Birth control
Family planning, including contraceptive birth control, enables women to have the number of children they wish at the time they wish to have them. This ability gives women control over their reproductive lives, protects their health, allows them to plan their future and invest in their careers. Contraceptives also greatly reduce the need for abortion. Of our 6 million pregnancies each year, nearly half are unintended and nearly half of these end in abortion.
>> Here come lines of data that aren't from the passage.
(* Let $\mathcal{V}$ be a real vector space of dimension $d$, let $\tau\in\vee^2\mathcal{V}^*$ have rank $p+1$ and Lorentzian signature, and let $Lf_p(\mathcal{V},\tau)=\{(\tau_0,\dots,\tau_p)\in\mathcal{V}^{p+1}:\tau(\tau_A,\tau_B)=\eta_{AB}\}$ be the space of longitudinal frames. Then the longitudinal group $LG_p$, realised as the set of pairs $(\Lambda,V)$ with $\Lambda\in O(1,p)$ and $V=(V_0,\dots,V_p)\in\mathrm{Ker}(\tau)^{p+1}$, acts on $Lf_p(\mathcal{V},\tau)$ from the right by $\tau_A\cdot(\Lambda,V)={\Lambda^A}_B\tau_A+V_B$, and this action is free and transitive: for every $\tau_A,\tau'_A\in Lf_p(\mathcal{V},\tau)$ there is exactly one pair $(\Lambda,V)$ with $\tau'_B={\Lambda^A}_B\tau_A+V_B$. Thus $Lf_p(\mathcal{V},\tau)$ is an $LG_p$-torsor.
   Context: $\eta_{AB}=\mathrm{diag}(-1,1,\dots,1)$; $\mathrm{Ker}(\tau)=\{v\in\mathcal{V}:\tau(v,\cdot)=0\}$, of dimension $d-p-1$. The longitudinal group $LG_p$ is the group of block matrices $\begin{pmatrix}\Lambda&0\\ v&\mathbb{1}\end{pmatrix}$ with $\Lambda\in O(1,p)$ and $v\in\mathbb{R}^{(d-p-1)\times(p+1)}$; its action on longitudinal frames is expressed with $V_B={v^i}_Be_i$ for a basis $e_i$ of $\mathrm{Ker}(\tau)$. *)

From HB Require Import structures.
From mathcomp Require Import all_boot all_order all_algebra.
From mathcomp Require Import reals.
Set Implicit Arguments. Unset Strict Implicit. Unset Printing Implicit Defensive.
Import Order.TTheory GRing.Theory Num.Theory.
Local Open Scope ring_scope.

(* The vector space V of dimension d is modelled as row vectors 'rV[R]_d;
   a symmetric bilinear form tau on V is given by its Gram matrix T. *)
Definition tau (R : realType) (d : nat) (T : 'M[R]_d) (u w : 'rV[R]_d) : R :=
  (u *m T *m w^T) 0 0.

Definition eta (R : realType) (p : nat) : 'M[R]_(p.+1) :=
  \matrix_(A, B) (if A == B then (if A == ord0 then -1 else 1) else 0).

Definition lorentz_canon (R : realType) (d p : nat) : 'M[R]_d :=
  \matrix_(i, j) (if i == j then
                    (if (i : nat) == 0%N then -1 else if (i < p.+1)%N then 1 else 0)
                  else 0).

(* tau is symmetric, of rank p+1 and of Lorentzian signature (1,p)
   (Sylvester normal form diag(-1,1,..,1,0,..,0)). *)
Definition lorentzian_rank (R : realType) (d p : nat) (T : 'M[R]_d) : Prop :=
  T^T = T /\ (p.+1 <= d)%N /\
  exists P : 'M[R]_d, P \in unitmx /\ T = P^T *m lorentz_canon R d p *m P.

Definition in_ker (R : realType) (d : nat) (T : 'M[R]_d) (v : 'rV[R]_d) : Prop :=
  forall w, tau T v w = 0.

Definition long_frame (R : realType) (d p : nat) (T : 'M[R]_d)
  (F : 'M[R]_(p.+1, d)) : Prop :=
  forall A B : 'I_p.+1, tau T (row A F) (row B F) = eta R p A B.

Definition lorentz_group (R : realType) (p : nat) (L : 'M[R]_(p.+1)) : Prop :=
  L^T *m eta R p *m L = eta R p.

Definition ker_tuple (R : realType) (d p : nat) (T : 'M[R]_d)
  (V : 'M[R]_(p.+1, d)) : Prop :=
  forall B : 'I_p.+1, in_ker T (row B V).

Definition in_LG (R : realType) (d p : nat) (T : 'M[R]_d)
  (L : 'M[R]_(p.+1)) (V : 'M[R]_(p.+1, d)) : Prop :=
  lorentz_group L /\ ker_tuple T V.

Definition lact (R : realType) (d p : nat) (F : 'M[R]_(p.+1, d))
  (L : 'M[R]_(p.+1)) (V : 'M[R]_(p.+1, d)) : 'M[R]_(p.+1, d) :=
  \matrix_(B < p.+1) (\sum_(A < p.+1) L A B *: row A F + row B V).

(* group law of LG_p in pair form (product of block matrices
   [[Lambda,0],[v,1]]): (L,V)(L',V') = (L L', V.L' + V') with
   (V.L')_B = L'^A_B V_A *)
Definition lg_mul (R : realType) (d p : nat)
  (x y : 'M[R]_(p.+1) * 'M[R]_(p.+1, d)) : 'M[R]_(p.+1) * 'M[R]_(p.+1, d) :=
  (x.1 *m y.1, \matrix_(B < p.+1) (\sum_(A < p.+1) y.1 A B *: row A x.2) + y.2).

From Pilot Require Import Defs.
From HB Require Import structures.
From mathcomp Require Import all_boot all_order all_algebra.
From mathcomp Require Import reals.
Set Implicit Arguments. Unset Strict Implicit. Unset Printing Implicit Defensive.
Import Order.TTheory GRing.Theory Num.Theory.
Local Open Scope ring_scope.

(* In matrix form a frame F (rows tau_A) has Gram matrix F T F^T = eta, and
   the action is F |-> L^T F + V.  Since tau has rank p+1 and F T has rank
   p+1, the rows of F T span the row space of T, which yields the projection
   identity T F^T eta F T = T.  The transition from F to F' is then forced:
   L^T = F' T F^T eta and V = F' - L^T F; the projection identity shows that
   this L is a Lorentz transformation and that V takes values in Ker(tau). *)

Section SymmetricGram.
Variables (K : comPzRingType) (d : nat) (T : 'M[K]_d).
Hypothesis T_sym : T^T = T.

Lemma sym_ker_trmx m (V : 'M[K]_(m, d)) : V *m T = 0 -> T *m V^T = 0.
Proof. by move=> VT0; rewrite -T_sym -trmx_mul VT0 trmx0. Qed.

Lemma gram_affine m n (F : 'M[K]_(n, d)) (V : 'M[K]_(m, d)) (M : 'M[K]_(m, n)) :
  V *m T = 0 ->
  (M *m F + V) *m T *m (M *m F + V)^T = M *m (F *m T *m F^T) *m M^T.
Proof.
move=> VT0; rewrite linearD /= !mulmxDl VT0 mul0mx addr0 !mulmxDr.
by rewrite -[_ *m V^T]mulmxA sym_ker_trmx // mulmx0 addr0 trmx_mul !mulmxA.
Qed.

End SymmetricGram.

Section FrameTransition.
Variables (K : fieldType) (n d : nat) (T : 'M[K]_d) (E : 'M[K]_n).
Hypotheses (T_sym : T^T = T) (E_sym : E^T = E) (EE : E *m E = 1%:M).

Lemma gram_inv_sandwich {G : 'M[K]_(n, d)} :
  (\rank T <= n)%N -> G *m T *m G^T = E -> T *m G^T *m E *m G *m T = T.
Proof.
move=> rankT GramG.
have GT_sub_T : (G *m T <= T)%MS by apply: submxMl.
have rank_GT : (n <= \rank (G *m T))%N.
  rewrite -{1}(mxrank1 K n) -EE -GramG.
  exact: leq_trans (mxrankM_maxl _ _) (mxrankM_maxl _ _).
have /submxP[X T_GT] : (T <= G *m T)%MS.
  by rewrite -(mxrank_leqif_sup GT_sub_T).2 eqn_leq mxrankS //= (leq_trans rankT).
rewrite {1}T_GT.
have -> : X *m (G *m T) *m G^T *m E *m G *m T
        = X *m (G *m T *m G^T *m E) *m (G *m T) by rewrite !mulmxA.
by rewrite GramG EE mulmx1 -T_GT.
Qed.

Definition frame_transition (F F' : 'M[K]_(n, d)) : 'M[K]_n := F' *m T *m F^T *m E.

Lemma frame_transition_affine (M : 'M[K]_n) (F V : 'M[K]_(n, d)) :
  F *m T *m F^T = E -> V *m T = 0 -> frame_transition F (M *m F + V) = M.
Proof.
move=> GramF VT0; rewrite /frame_transition mulmxDl VT0 addr0.
by rewrite -2!(mulmxA M) GramF -mulmxA EE mulmx1.
Qed.

Variables F F' : 'M[K]_(n, d).
Hypotheses (GramF : F *m T *m F^T = E) (GramF' : F' *m T *m F'^T = E).
Hypothesis rankT : (\rank T <= n)%N.

Let sandwichF := gram_inv_sandwich rankT GramF.

Lemma frame_transition_isometry :
  frame_transition F F' *m E *m (frame_transition F F')^T = E.
Proof.
rewrite /frame_transition !trmx_mul E_sym T_sym !trmxK.
transitivity (F' *m (T *m F^T *m (E *m E) *m E *m F *m T) *m F'^T).
  by rewrite !mulmxA.
by rewrite EE mulmx1 sandwichF GramF'.
Qed.

Lemma frame_transition_ker : (F' - frame_transition F F' *m F) *m T = 0.
Proof.
rewrite mulmxBl /frame_transition.
have -> : F' *m T *m F^T *m E *m F *m T = F' *m (T *m F^T *m E *m F *m T).
  by rewrite !mulmxA.
by rewrite sandwichF subrr.
Qed.

End FrameTransition.

Arguments frame_transition {K n d}.

Lemma eta_tr (R : realType) p : (Defs.eta R p)^T = Defs.eta R p.
Proof. by apply/matrixP => i j; rewrite !mxE eq_sym; case: eqP => // ->. Qed.

Lemma eta_mul_eta (R : realType) p : Defs.eta R p *m Defs.eta R p = 1%:M.
Proof.
apply/matrixP => i j; rewrite !mxE (bigD1 i) //= big1 => [|k /negbTE ik].
  rewrite !mxE eqxx addr0; have [->|_] := eqVneq i j; last by rewrite mulr0.
  by case: (j == ord0); rewrite ?mulrNN mulr1.
by rewrite !mxE eq_sym ik mul0r.
Qed.

Section LongitudinalFrames.
Variables (R : realType) (d p : nat) (T : 'M[R]_d).

Lemma tau_rowE m n (X : 'M[R]_(m, d)) (Y : 'M[R]_(n, d)) A B :
  tau T (row A X) (row B Y) = (X *m T *m Y^T) A B.
Proof. by rewrite /tau -row_mul tr_row colE mulmxA -row_mul -mulmxA -colE !mxE. Qed.

Lemma long_frameE (F : 'M[R]_(p.+1, d)) :
  long_frame T F <-> F *m T *m F^T = Defs.eta R p.
Proof.
split=> [frameF | GramF A B]; last by rewrite tau_rowE GramF.
by apply/matrixP => A B; rewrite -tau_rowE frameF.
Qed.

Lemma in_kerE (v : 'rV[R]_d) : in_ker T v <-> v *m T = 0.
Proof.
split=> [kerv | vT0 w]; last by rewrite /tau vT0 mul0mx mxE.
apply/rowP => j; have := kerv (delta_mx 0 j).
by rewrite /tau trmx_delta -colE !mxE.
Qed.

Lemma ker_tupleE (V : 'M[R]_(p.+1, d)) : ker_tuple T V <-> V *m T = 0.
Proof.
split=> [kerV | VT0 B]; last by apply/in_kerE; rewrite -row_mul VT0 row0.
by apply/row_matrixP => B; rewrite row_mul row0; apply/in_kerE.
Qed.

Lemma lactE (F : 'M[R]_(p.+1, d)) L V : lact F L V = L^T *m F + V.
Proof.
apply/row_matrixP => B; rewrite rowK linearD /= row_mul mulmx_sum_row.
by congr (_ + _); apply: eq_bigr => A _; rewrite !mxE.
Qed.

Lemma lg_mul2E (L L' : 'M[R]_p.+1) (V V' : 'M[R]_(p.+1, d)) :
  (lg_mul (L, V) (L', V')).2 = L'^T *m V + V'.
Proof.
congr (_ + _); apply/row_matrixP => B; rewrite rowK row_mul mulmx_sum_row.
by apply: eq_bigr => A _; rewrite !mxE.
Qed.

Lemma lorentz_canon_pid : lorentz_canon R d p *m pid_mx p.+1 = lorentz_canon R d p.
Proof.
apply/matrixP => i j; rewrite !mxE (bigD1 j) //= big1 => [|k kj].
  rewrite !mxE eqxx /= addr0; have [_|pj] := ltnP j p.+1; first by rewrite mulr1.
  have j_neq0 : (j == 0 :> nat) = false by apply/negbTE; rewrite -lt0n (leq_trans _ pj).
  by rewrite mulr0; case: eqP => // ->; rewrite j_neq0 ltnNge pj.
by rewrite !mxE val_eqE (negbTE kj) mulr0.
Qed.

Lemma lorentzian_rank_mxrank : @lorentzian_rank R d p T -> (\rank T <= p.+1)%N.
Proof.
case=> _ [le_pd [P [_ ->]]].
apply: leq_trans (mxrankM_maxl _ _) _; apply: leq_trans (mxrankM_maxr _ _) _.
rewrite -lorentz_canon_pid; apply: leq_trans (mxrankM_maxr _ _) _.
by rewrite rank_pid_mx.
Qed.

End LongitudinalFrames.

Section LongitudinalAction.
Variables (R : realType) (d p : nat) (T : 'M[R]_d).
Hypothesis T_lorentzian : @lorentzian_rank R d p T.

Let T_sym : T^T = T. Proof. by case: T_lorentzian. Qed.

Lemma lact_long_frame (F : 'M[R]_(p.+1, d)) (L : 'M[R]_p.+1) (V : 'M[R]_(p.+1, d)) :
  long_frame T F -> in_LG T L V -> long_frame T (lact F L V).
Proof.
move=> /long_frameE GramF [L_lorentz /ker_tupleE VT0]; apply/long_frameE.
by rewrite lactE gram_affine // GramF trmxK L_lorentz.
Qed.

Lemma lact1 (F : 'M[R]_(p.+1, d)) : lact F 1%:M 0 = F.
Proof. by rewrite lactE trmx1 mul1mx addr0. Qed.

Lemma lactM (F V V' : 'M[R]_(p.+1, d)) (L L' : 'M[R]_p.+1) :
  lact (lact F L V) L' V' =
  lact F (lg_mul (L, V) (L', V')).1 (lg_mul (L, V) (L', V')).2.
Proof. by rewrite !lactE lg_mul2E trmx_mul mulmxDr addrA mulmxA. Qed.

Lemma lact_transitive (F F' : 'M[R]_(p.+1, d)) :
  long_frame T F -> long_frame T F' ->
  let M := frame_transition T (Defs.eta R p) F F' in
  in_LG T M^T (F' - M *m F) /\ F' = lact F M^T (F' - M *m F).
Proof.
move=> /long_frameE GramF /long_frameE GramF' M.
have rankT := lorentzian_rank_mxrank T_lorentzian.
split; last by rewrite lactE trmxK addrC subrK.
split; last by apply/ker_tupleE; exact: (frame_transition_ker (eta_mul_eta R p) F' GramF rankT).
rewrite /lorentz_group trmxK.
exact: (frame_transition_isometry T_sym (eta_tr R p) (eta_mul_eta R p) GramF GramF' rankT).
Qed.

Lemma lact_free (F V V2 : 'M[R]_(p.+1, d)) (L L2 : 'M[R]_p.+1) :
  long_frame T F -> ker_tuple T V -> ker_tuple T V2 ->
  lact F L V = lact F L2 V2 -> L = L2 /\ V = V2.
Proof.
move=> /long_frameE GramF /ker_tupleE VT0 /ker_tupleE V2T0; rewrite !lactE => eqFF.
have eqL : L^T = L2^T.
  by rewrite -(frame_transition_affine (eta_mul_eta R p) L^T GramF VT0) eqFF
             (frame_transition_affine (eta_mul_eta R p) L2^T GramF V2T0).
by move: eqFF; rewrite eqL => /addrI; split => //; apply: trmx_inj.
Qed.

End LongitudinalAction.

Unset Implicit Arguments.

Theorem proposition2 (R : realType) (d p : nat) (T : 'M[R]_d) :
  @lorentzian_rank R d p T ->
  (* the action is well defined on Lf_p(V, tau) *)
  (forall (F : 'M[R]_(p.+1, d)) (L : 'M[R]_(p.+1)) (V : 'M[R]_(p.+1, d)), long_frame T F -> in_LG T L V -> long_frame T (lact F L V)) /\
  (* it is a right action *)
  (forall F : 'M[R]_(p.+1, d), lact F 1%:M 0 = F) /\
  (forall (F : 'M[R]_(p.+1, d)) (L L' : 'M[R]_(p.+1)) (V V' : 'M[R]_(p.+1, d)), in_LG T L V -> in_LG T L' V' ->
     lact (lact F L V) L' V' =
     lact F (lg_mul (L, V) (L', V')).1 (lg_mul (L, V) (L', V')).2) /\
  (* it is free and transitive *)
  (forall F F' : 'M[R]_(p.+1, d), long_frame T F -> long_frame T F' ->
     exists (L : 'M[R]_(p.+1)) (V : 'M[R]_(p.+1, d)), (in_LG T L V /\ F' = lact F L V) /\
       forall (L2 : 'M[R]_(p.+1)) (V2 : 'M[R]_(p.+1, d)), in_LG T L2 V2 -> F' = lact F L2 V2 -> L2 = L /\ V2 = V).
Proof.
move=> T_lorentzian.
split; first exact: lact_long_frame T_lorentzian.
split; first exact: lact1.
split; first by move=> *; apply: lactM.
move=> F F' frameF frameF'.
have [LG_M F'E] := lact_transitive T_lorentzian frameF frameF'.
do 2 eexists; split; first by split; [exact: LG_M | exact: F'E].
move=> L2 V2 [_ kerV2] F'E2; case: LG_M => _ kerV.
by apply: (lact_free frameF kerV2 kerV); rewrite -F'E2.
Qed.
Emergency contraception, sometimes referred to as Plan B or the morning-after pill, works like other hormonal birth control and does not harm or terminate an already-established pregnancy. This contraceptive is 95% effective in preventing pregnancy. Birth control opponents claim contraception separates sex from reproduction and leads to promiscuity and disease. Supporters say studies have shown these concerns to be unfounded and that access to contraception is a protected fundamental right which should not be impeded by another's personal beliefs.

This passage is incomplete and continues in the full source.